Erotic Comics in Japan: An Introduction to Eromanga is a 2006 book written by Kaoru Nagayama. In 2014, an expanded paperback edition was released with an additional section on "sex and politics." Kimi Rito is supervising the paperback edition. A Chinese version was released in Taiwan in January 2020. An English version translated by Jessica Bauwens-Sugimoto and Patrick W. Galbraith was published by Amsterdam University Press in November 2020.

==Overview==
This book defines "eromanga" as manga in which erotic elements are the main theme of the work, and states that the prejudices that the author claims are cast against the genre are irrational. On the other hand, the author himself admits that he has not necessarily escaped those prejudices. He states that it is worthwhile to consider "eromanga," and attempts to explore its characteristics. In his attempt to consider the history of erotic comics, he bases his thinking on Richard Dawkins' meme theory.
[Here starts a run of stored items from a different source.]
(* For $r>0$, the sphere $\mathcal S_r=\{t\in V_N: S(t)=r\}$, regarded as a hypersurface in the quasi-Euclidean space $(V_N\setminus\{0\},n_{pq}(g;t))$ and equipped with the induced metric $\gamma$, is a space of constant curvature $h^2/r^2$: its Riemann curvature tensor equals $\frac{h^2}{r^2}(\gamma_{ik}\gamma_{jl}-\gamma_{il}\gamma_{jk})$.
   Context: Let $N\ge2$; points of $V_N=\mathbb{R}^N$ are $t=(t^1,\dots,t^N)$; indices $p,q$ run over $1,\dots,N$, repeated indices summed. $(r_{pq})$ is a symmetric positive-definite matrix with $r_{NN}=1$, $r_{Na}=0$ ($a<N$), and $S(t)=\sqrt{r_{pq}t^pt^q}$. Fix $g\in(-2,2)$, $h=\sqrt{1-g^2/4}$, $G=g/h$. The quasi-Euclidean metric tensor is $n_{pq}(g;t)=\frac1{h^2}r_{pq}-\frac14G^2L_pL_q$ with $L_p=r_{pq}t^q/S(t)$. *)

From HB Require Import structures.
From mathcomp Require Import all_boot all_order all_algebra.
From mathcomp Require Import all_classical all_reals all_analysis.
Set Implicit Arguments. Unset Strict Implicit. Unset Printing Implicit Defensive.
Import Order.TTheory GRing.Theory Num.Theory.
Import numFieldNormedType.Exports.
Local Open Scope classical_set_scope.
Local Open Scope ring_scope.

Definition Sfun {R : realType} {N : nat} (rm : 'M[R]_N) (t : 'rV[R]_N) : R :=
  Num.sqrt (\sum_(p < N) \sum_(q < N) rm p q * t 0 p * t 0 q).

Definition hpar {R : realType} (g : R) : R := Num.sqrt (1 - g ^+ 2 / 4).
Definition Gpar {R : realType} (g : R) : R := g / hpar g.

Definition Lvec {R : realType} {N : nat} (rm : 'M[R]_N) (t : 'rV[R]_N) (p : 'I_N) : R :=
  (\sum_(q < N) rm p q * t 0 q) / Sfun rm t.

Definition nmet {R : realType} {N : nat} (g : R) (rm : 'M[R]_N) (t : 'rV[R]_N)
  (p q : 'I_N) : R :=
  rm p q / hpar g ^+ 2 - (Gpar g) ^+ 2 / 4 * Lvec rm t p * Lvec rm t q.

Fixpoint Ck_on {R : realType} {m p : nat} (k : nat) (U : set 'rV[R]_m)
  (f : 'rV[R]_m -> 'rV[R]_p) : Prop :=
  match k with
  | 0 => forall u, U u -> {for u, continuous f}
  | k'.+1 => (forall u, U u -> differentiable f u) /\
             forall v : 'rV[R]_m, Ck_on k' U ('D_v f)
  end.

Definition smooth_on {R : realType} {m p : nat} (U : set 'rV[R]_m)
  (f : 'rV[R]_m -> 'rV[R]_p) : Prop := forall k, Ck_on k U f.

Definition ecoord {R : realType} {m : nat} (i : 'I_m) : 'rV[R]_m := delta_mx 0 i.

Definition pd {R : realType} {m : nat} (i : 'I_m) (f : 'rV[R]_m -> R)
  (u : 'rV[R]_m) : R := 'D_(ecoord i) f u.

Definition dchart {R : realType} {m N : nat} (x : 'rV[R]_m -> 'rV[R]_N)
  (i : 'I_m) (u : 'rV[R]_m) : 'rV[R]_N := 'D_(ecoord i) x u.

Definition chart_jacobian {R : realType} {m N : nat} (x : 'rV[R]_m -> 'rV[R]_N)
  (u : 'rV[R]_m) : 'M[R]_(m, N) := \matrix_(i < m, p < N) dchart x i u 0 p.

Definition induced_metric {R : realType} {m N : nat} (g : R) (rm : 'M[R]_N)
  (x : 'rV[R]_m -> 'rV[R]_N) (u : 'rV[R]_m) (i j : 'I_m) : R :=
  \sum_(p < N) \sum_(q < N)
     nmet g rm (x u) p q * dchart x i u 0 p * dchart x j u 0 q.

Definition metric_inv {R : realType} {m : nat}
  (gam : 'rV[R]_m -> 'I_m -> 'I_m -> R) (u : 'rV[R]_m) : 'M[R]_m :=
  invmx (\matrix_(i < m, j < m) gam u i j).

Definition christoffel {R : realType} {m : nat}
  (gam : 'rV[R]_m -> 'I_m -> 'I_m -> R) (i j k : 'I_m) (u : 'rV[R]_m) : R :=
  2^-1 * \sum_(l < m) metric_inv gam u i l *
     (pd j (fun w => gam w l k) u + pd k (fun w => gam w l j) u
      - pd l (fun w => gam w j k) u).

(* R^i_{jkl} = d_k Gamma^i_{lj} - d_l Gamma^i_{kj}
               + Gamma^i_{km} Gamma^m_{lj} - Gamma^i_{lm} Gamma^m_{kj},
   i.e. R(d_k,d_l) d_j = R^i_{jkl} d_i with R(X,Y) = [nabla_X,nabla_Y] - nabla_[X,Y];
   lowered: R_{ijkl} = gam_{im} R^m_{jkl}. *)
Definition riemann {R : realType} {m : nat}
  (gam : 'rV[R]_m -> 'I_m -> 'I_m -> R) (i j k l : 'I_m) (u : 'rV[R]_m) : R :=
  \sum_(a < m) gam u i a *
    (pd k (fun w => christoffel gam a l j w) u
     - pd l (fun w => christoffel gam a k j w) u
     + \sum_(b < m) (christoffel gam a k b u * christoffel gam b l j u
                     - christoffel gam a l b u * christoffel gam b k j u)).

From HB Require Import structures.
From mathcomp Require Import all_boot all_order all_algebra.
From mathcomp Require Import all_classical all_reals all_analysis.
From mathcomp Require Import ring lra.
Import Order.TTheory GRing.Theory Num.Theory.
Import numFieldNormedType.Exports.
Local Open Scope classical_set_scope.
Local Open Scope ring_scope.
Set Implicit Arguments. Unset Strict Implicit. Unset Printing Implicit Defensive.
The book is divided into chapters and examines topics such as gekiga, bishōjo, lolicon, large breasts, sibling incest, rape, romance, sadomasochism, sexual minorities, and gender, all of which are depicted in eromanga.

Fusanosuke Natsume, Mari Kotani, and Hiroki Azuma have contributed endorsements.

==Reception==
This book has been described as a "perfect guide" for understanding the overall picture of the erotic comics genre in Japan.Da Vincis Sato Keisuke has positioned this book alongside Yoshihiro Yonezawa's Postwar Erotic Manga History as a leading research book on "erotic manga research."

Author of The History of Hentai Manga: An Expressionist Examination of EroManga Kimi Rito, states that his experience reading Erotic Comics in Japan was what prompted him to begin serious research into erotic manga.

This book is one of the 30 books listed in Jimbun Shoin's Manga Studies Book Guide Series: 30 Basic Books, edited by Kazuma Yoshimura and Jacqueline Berndt.